Caiporismo – Conto de Artur Azevedo

– Oh! Secundino!

– Oh! Borges!

– Tu no Rio de Janeiro!

– Há oito dias.

– Vieste a passeio?

– Não, meu amigo; vim tocado pela desgraça.

– Pela desgraça?

– “Desgraça” é talvez forte demais. Pelo caiporismo, se quiseres.

– E és tão caipora assim?

– Pertenço ao número dos tais que caem de costas e quebram o nariz!

– Oh, diabo! entremos neste café, e, enquanto tomamos alguma coisa, conta-me qual tem sido a tua vida nestes doze anos de ausência.

Passava-se isto na rua do Ouvidor, em frente ao Pascoal. Os dois amigos e comprovincianos entraram no Café do Rio, e sentaram-se a uma das mesas.

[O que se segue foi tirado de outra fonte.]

(* Let $\pi$ be a standard permutation on $\mathcal{A}$ and assume $M_\pi\in\mathcal{H}(m_1,\dots,m_n)$ with $m_1\ge2$ and $m_i\ge1$ for every $2\le i\le n$. Let $m_{1,1},m_{1,2}\ge1$ be any integers with $m_{1,1}+m_{1,2}=m_1$. Then there exists an irreducible permutation $\pi'$ which is a simple extension of $\pi$ and such that $M_{\pi'}\in\mathcal{H}(m_{1,1},m_{1,2},m_2,\dots,m_n)$.
   Context: A permutation on a finite alphabet $\mathcal{A}$ ($d=|\mathcal{A}|$) is a pair $\pi=(\pi_{\mathrm t},\pi_{\mathrm b})$ of bijections $\mathcal{A}\to\{1,\dots,d\}$, displayed with top row $\alpha_{\mathrm t,1}\cdots\alpha_{\mathrm t,d}$ and bottom row $\alpha_{\mathrm b,1}\cdots\alpha_{\mathrm b,d}$, $\alpha_{\varepsilon,j}=\pi_\varepsilon^{-1}(j)$; it is irreducible if $\pi_{\mathrm t}^{-1}(\{1,\dots,j\})\ne\pi_{\mathrm b}^{-1}(\{1,\dots,j\})$ for $1\le j<d$. $\pi$ is standard if $\pi_{\mathrm b}(\alpha_{\mathrm t,d})=1$ and $\pi_{\mathrm b}(\alpha_{\mathrm t,1})=d$. Given a letter $\alpha'\notin\mathcal{A}$ and $\beta,\beta'\in\mathcal{A}$ with $(\beta,\beta')\ne(\alpha_{\mathrm t,1},\alpha_{\mathrm b,1})$, the permutation on $\mathcal{A}\cup\{\alpha'\}$ obtained by inserting $\alpha'$ just before $\beta$ in the top row and just before $\beta'$ in the bottom row is called a simple extension of $\pi$. $M_\pi$ is the translation surface obtained by suspension: the polygon $P_\pi$ whose top boundary consists of the vectors $1+i(\pi_{\mathrm b}(\alpha)-\pi_{\mathrm t}(\alpha))$ in the order of $\pi_{\mathrm t}$ and bottom boundary of the same vectors in the order of $\pi_{\mathrm b}$, both from $0$ to $d$, with sides labelled by the same letter identified by translation. $M_\pi\in\mathcal{H}(m_1,\dots,m_n)$ means that the distinct points of $M_\pi$ coming from vertices of $P_\pi$ (other than possible removable points of angle $2\pi$ — here all $m_i\ge1$) are cone points of total angles $2\pi(m_1+1),\dots,2\pi(m_n+1)$. *)

From mathcomp Require Import all_boot.
Set Implicit Arguments. Unset Strict Implicit. Unset Printing Implicit Defensive.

– A minha vida, principiou Secundino, resume-se numa palavra: miséria. Quando vieste da Vitória e lá me deixaste, eu era ainda, por bem dizer, uma criança. Vivia em casa de minha família, onde nada me faltava. Morreu meu pai, morreu minha mãe, minhas irmãs casaram-se, e eu fiz-me sócio de uma loja de fazendas. Ao fim de seis meses, abriram-me falência. Saí com uma mão atrás e outra adiante, e fui ser caixeiro de um bruto, um ingrato, que, ao fim de oito anos, em vez de me dar sociedade, passou a casa a um sujeito meu desafeto. Desgostoso, abandonei o comércio e quis ser empregado público. Apresentei-me em quatro concursos, e, apesar de bem classificado, não consegui que me nomeassem. Fundei uma folha, que acabou logo por falta de assinantes. Contratei casamento com a filha de um fazendeiro rico de S. Mateus, e a minha querida noiva, que me estimava muito, morreu um mês antes do dia marcado para o casamento. Afinal, desesperado, baldo inteiramente de recursos, aceitei um lugar de contínuo na Tesouraria da Fazenda…

-Tu?! Com as tuas habilitações?!

– É para que vejas, respondeu Secundino com lágrimas na voz. Mas isso mesmo foi considerado muito para mim. Demitiram-me acintosamente por não ter votado no candidato oficial nas últimas eleições. Resolvi então vir para o Rio de Janeiro, ao Deus dará… Arranjei duzentos e tantos mil réis, vendendo tudo o quanto possuía, e aqui estou sem emprego, sem esperanças, sem promessa, sem relações, e com sessenta mil réis no bolso. É tudo quanto me resta da minha fortuna.

– Pois bem , ofereço-te um emprego.

– Deveras.

– Oh! não é coisa para arregalares desse modo os olhos. É um biscate, que te pode servir enquanto não arranjar coisa melhor.

– Tudo me serve, meu amigo: a minha situação é desesperadora.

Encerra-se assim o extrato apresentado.